Applied Parallel Programming

# Lecture 16 Atomic Operations and Histogramming

#### Course Reminders

- Lab 6 is due this Friday
- Project Milestone 2 is out an is due in < 3 weeks
- Take a note of the date/time for second Midterm Exam
  - May 6<sup>th</sup>

# Objective

- To understand atomic operations
  - Read-modify-write in parallel computation
  - A primitive form of "critical regions" in parallel programs
  - Use of atomic operations in CUDA
  - Why atomic operations reduce memory system throughput
  - How to avoid atomic operations in some parallel algorithms
- To learn practical histogram programming techniques
  - Basic histogram algorithm using atomic operations
  - Atomic operation throughput
  - Privatization

#### A Common Collaboration Pattern

- Multiple bank tellers count the total amount of cash in the safe
- Each teller grabs a pile and counts
- Have a central display of the running total
- Whenever someone finishes counting a pile, add the subtotal of the pile to the running total
- A bad outcome
  - Some of the piles were not accounted for
  - How/why is this possible?

#### A Common Arbitration Pattern

- Multiple customers booking air tickets
- Each
  - Brings up a flight seat map
  - Decides on a seat
  - Update the seat map, mark the seat as taken
- A bad outcome
  - Multiple passengers ended up booking the same seat
  - How/why is this possible?

# Read-Modify-Write Operations

thread1: Old  $\leftarrow$  Mem[x]

New  $\leftarrow$  Old + 1

 $Mem[x] \leftarrow New$ 

thread2: Old  $\leftarrow$  Mem[x]

New  $\leftarrow$  Old + 1

 $Mem[x] \leftarrow New$ 

If Mem[x] was **initially 0**, what would the value of Mem[x] be after threads 1 and 2 have completed?
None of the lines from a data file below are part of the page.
Lemma a_at_exit : 0 < a T <= growth_const * rho0 d c0 / INR d.
Proof.
  split; [apply positive_at_exit |].
  destruct (bounds_upto_exit T ltac:(lra)) as ([_ Ha] & _); destruct solution_init as (Ha0 & _).
  rewrite Ha0 in Ha; eapply Rle_trans; [exact Ha |].
  replace (growth_const * rho0 d c0 / INR d) with (rho0 d c0 / INR d * growth_const)
    by (field; lra).
  apply Rmult_le_compat; [apply Rlt_le, mu_pos; lra | apply Rlt_le, exp_pos | |].
  - apply mu_le_rho0_div; lra.
  - exact exp_24_exit_le.
Qed.

Lemma C_at_exit : 0 < (INR d - 2) * c T <= growth_const * rho0 d c0.
Proof.
  split; [apply Rmult_lt_0_compat; [lra | apply positive_at_exit] |].
  destruct (bounds_upto_exit T ltac:(lra)) as (_ & _ & [_ Hc]).
  destruct solution_init as (_ & _ & Hc0).
  rewrite Hc0 in Hc.
  apply (Rle_trans _ ((INR d - 2) * mu d lam c0 * exp (8 * T))).
  - rewrite Rmult_assoc; apply Rmult_le_compat_l; lra.
  - rewrite (Rmult_comm growth_const).
    apply Rmult_le_compat; [| apply Rlt_le, exp_pos | apply mul_mu_le_rho0; lra |].
    + pose proof (mu_pos d lam c0 ltac:(lra) lam_pos); nra.
    + eapply Rle_trans; [| exact exp_24_exit_le]; apply exp_le_compat; lra.
Qed.

Lemma rfun_le_upto_exit t : 0 <= t <= T -> r t <= rho.
Proof.
  intros [Ht0 [HtT | ->]]; [apply Rlt_le, (below_before_T t); lra |].
  destruct (continuous_solution T T_pos) as (Ha & Hb & Hc).
  apply (left_limit_le r (fun _ => rho) T 0 T_pos).
  - apply (filterlim_filter_le_1 _ (filter_le_within _)), (rfun_limit _ _ _ _ _ _ _ _ Ha Hb Hc).
  - apply filterlim_const.
  - intros s Hs; apply Rlt_le, below_before_T; lra.
Qed.

Lemma rfun_exit : r T = rho.
Proof.
  apply Rle_antisym; [apply rfun_le_upto_exit; lra |].
  apply Rnot_lt_le; intros Hlt; apply not_below_T.
  pose proof positive_at_exit; unfold below_threshold; tauto.
Qed.

Lemma T1a_exit : T1a d lam rho a b c = Finite T.
Proof.
  apply is_glb_Rbar_unique; split.
  - intros t [Ht Hrt]; simpl; apply Rnot_lt_le; intros HtT.
    destruct (below_before_T t (conj Ht HtT)) as (_ & _ & _ & Hlt); lra.
  - intros l Hl; apply Hl; split; [lra | rewrite rfun_exit; apply Rle_refl].
Qed.

End ExitTime.

Theorem phase_one : exists T, T1a d lam rho a b c = Finite T /\ 0 < T <= horizon /\
  r T = rho /\ 0 < a T <= growth_const * rho0 d c0 / INR d /\
  0 < (INR d - 2) * c T <= growth_const * rho0 d c0 /\
  forall t, 0 <= t <= T -> r t <= rho /\
    a 0 * exp (24 * (1 - rho) * t) <= a t <= a 0 * exp (24 * t) /\
    b 0 * exp (8 * (1 + lam) * (1 - 3 * rho) * t) <= b t <= b 0 * exp (8 * (1 + lam) * t) /\
    c 0 * exp ((8 * (1 - rho) - 16 * rho / (INR d - 2)) * t) <= c t <= c 0 * exp (8 * t).
Proof.
  destruct leaves_threshold_before_horizon as (t0 & Ht0 & Hleave).
  destruct (first_exit_time below_threshold t0 below_threshold_open below_threshold_init
              (proj1 Ht0) Hleave) as (T & [HT0 HTt0] & Hbefore & Hexit).
  assert (HTh : T <= horizon) by lra.
  exists T; split; [apply (T1a_exit T); assumption |].
  split; [lra |].
  split; [apply (rfun_exit T); assumption |].
  split; [apply (a_at_exit T); assumption |].
  split; [apply (C_at_exit T); assumption |].
  intros t Ht; split; [apply (rfun_le_upto_exit T) | apply (bounds_upto_exit T)]; assumption.
Qed.

End PhaseOne.

Lemma Rabs_ratio_sub_1 (x y rho : R) : 0 < rho -> 0 <= y -> x = rho - y ->
  Rabs (x / rho - 1) = y / rho.
Proof.
  intros Hrho Hy ->; replace ((rho - y) / rho - 1) with (- (y / rho)) by (field; lra).
  rewrite Rabs_Ropp; apply Rabs_right, Rle_ge, Rdiv_le_0_compat; lra.
Qed.

Theorem propositionB3 :
  forall (c0 K1 K2 rho : R),
    0 < c0 -> 0 < K1 -> 0 < K2 -> 0 < rho < 1 / 12 ->
    exists CT Ca CC : R,
      forall eps : R, 0 < eps ->
      exists D : nat,
        forall (d : nat) (lam : R) (a b c : R -> R),
          (3 <= d)%nat -> (D <= d)%nat ->
          0 < lam -> K1 * ln (INR d) <= lam <= K2 * INR d ->
          is_solution d lam c0 a b c ->
          exists T : R,
            T1a d lam rho a b c = Finite T /\
            (* (1) *)
            (forall t, 0 <= t <= T ->
               rfun d lam a b c t <= rho /\
               a 0 * exp (24 * (1 - rho) * t) <= a t <= a 0 * exp (24 * t) /\
               b 0 * exp (8 * (1 + lam) * (1 - 3 * rho) * t) <= b t
                 <= b 0 * exp (8 * (1 + lam) * t) /\
               c 0 * exp ((8 * (1 - rho) - 16 * rho / (INR d - 2)) * t) <= c t
                 <= c 0 * exp (8 * t)) /\
            (* (2) *)
            T <= CT * ln (INR d) / lam /\
            (* (3) *)
            Rabs (a T) <= Ca * rho0 d c0 / INR d /\
            Rabs ((INR d - 2) * c T) <= CC * rho0 d c0 /\
            (1 + lam) * b T = rho - a T - (INR d - 2) * c T /\
            Rabs ((1 + lam) * b T / rho - 1) <= eps.
Proof.
  intros c0 K1 K2 rho Hc0 HK1 _ Hrho.
  set (Ca := growth_const c0 K1); assert (HCa : 0 < Ca) by apply exp_pos.
  exists ((1 + c0) / 6), Ca, Ca; intros eps Heps.
  destruct (rho0_eventually_small c0 rho eps Ca Hc0 (proj1 Hrho) Heps HCa) as [D HD].
  exists D; intros d lam a b c Hd HdD Hlam [HK1lam _] Hsol.
  destruct (HD d HdD) as [Hrho0 Hsmall]; pose proof (INR_ge3 d Hd); pose proof (rho0_pos d c0).
  destruct (phase_one d lam c0 rho a b c Hd Hlam Hrho Hsol Hc0 Hrho0 K1 HK1 HK1lam)
    as (T & HT1a & [_ HTh] & HrT & [HaT HaCa] & [HCT HCCa] & Hbounds).
  fold Ca in HaCa, HCCa.
  assert (HB : (1 + lam) * b T = rho - a T - (INR d - 2) * c T) by (unfold rfun in HrT; lra).
  assert (Hdiv : Ca * rho0 d c0 / INR d <= Ca * rho0 d c0) by (apply Rle_div_l; nra).
  exists T; split; [exact HT1a | split; [exact Hbounds | split; [exact HTh |]]].
  rewrite !Rabs_right by lra; repeat split; try lra.
  rewrite (Rabs_ratio_sub_1 _ (a T + (INR d - 2) * c T) rho) by lra.
  apply Rle_div_l; lra.
Qed.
- What does each thread get in their Old variable?

The answer may vary due to data races. To avoid data races, you should use atomic operations.

| Time | Thread 1                     | Thread 2                    |
|------|------------------------------|-----------------------------|
| 1    | $(0) Old \leftarrow Mem[x]$  |                             |
| 2    | (1) New $\leftarrow$ Old + 1 |                             |
| 3    | (1) $Mem[x] \leftarrow New$  |                             |
| 4    |                              | $(1) Old \leftarrow Mem[x]$ |
| 5    |                              | (2) New ← Old + 1           |
| 6    |                              | (2) $Mem[x] \leftarrow New$ |

- Thread 1 Old = 0
- Thread 2 Old = 1
- Mem[x] = 2 after the sequence

| Time | Thread 1                    | Thread 2                                   |
|------|-----------------------------|--------------------------------------------|
| 1    |                             | $(0)  \text{Old} \leftarrow \text{Mem}[x]$ |
| 2    |                             | (1) New $\leftarrow$ Old + 1               |
| 3    |                             | (1) $Mem[x] \leftarrow New$                |
| 4    | $(1) Old \leftarrow Mem[x]$ |                                            |
| 5    | (2) New ← Old + 1           |                                            |
| 6    | (2) $Mem[x] \leftarrow New$ |                                            |

- Thread 1 Old = 1
- Thread 2 Old = 0
- Mem[x] = 2 after the sequence

| Time | Thread 1                     | Thread 2                     |
|------|------------------------------|------------------------------|
| 1    | $(0) Old \leftarrow Mem[x]$  |                              |
| 2    | (1) New $\leftarrow$ Old + 1 |                              |
| 3    |                              | $(0) Old \leftarrow Mem[x]$  |
| 4    | (1) $Mem[x] \leftarrow New$  |                              |
| 5    |                              | (1) New $\leftarrow$ Old + 1 |
| 6    |                              | (1) $Mem[x] \leftarrow New$  |

- Thread 1 Old = 0
- Thread 2 Old = 0
- Mem[x] = 1 after the sequence

| Time | Thread 1                    | Thread 2                                   |
|------|-----------------------------|--------------------------------------------|
| 1    |                             | $(0)  \text{Old} \leftarrow \text{Mem}[x]$ |
| 2    |                             | (1) New $\leftarrow$ Old + 1               |
| 3    | $(0) Old \leftarrow Mem[x]$ |                                            |
| 4    |                             | (1) $Mem[x] \leftarrow New$                |
| 5    | (1) New ← Old + 1           |                                            |
| 6    | (1) $Mem[x] \leftarrow New$ |                                            |

- Thread 1 Old = 0
- Thread 2 Old = 0
- Mem[x] = 1 after the sequence

# Atomic Operations Prevent Interleaving

```
thread1: Old \leftarrow Mem[x]
New \leftarrow Old + 1
Mem[x] \leftarrow New
```

thread2: Old  $\leftarrow$  Mem[x] New  $\leftarrow$  Old + 1 Mem[x]  $\leftarrow$  New

Or

```
thread2: Old \leftarrow Mem[x]
New \leftarrow Old + 1
Mem[x] \leftarrow New
```

thread1: Old  $\leftarrow$  Mem[x] New  $\leftarrow$  Old + 1 Mem[x]  $\leftarrow$  New

# Without Atomic Operations

Mem[x] initialized to 0

thread1: Old  $\leftarrow$  Mem[x]

New ← Old + 1

 $Mem[x] \leftarrow New$ 

thread2: Old  $\leftarrow$  Mem[x]

New  $\leftarrow$  Old + 1

 $Mem[x] \leftarrow New$ 

- Both threads receive 0
- Mem[x] becomes 1

#### Needed When Threads Write to Same Location

#### When two threads

- may write to the same memory location,
- the program may need atomic operations.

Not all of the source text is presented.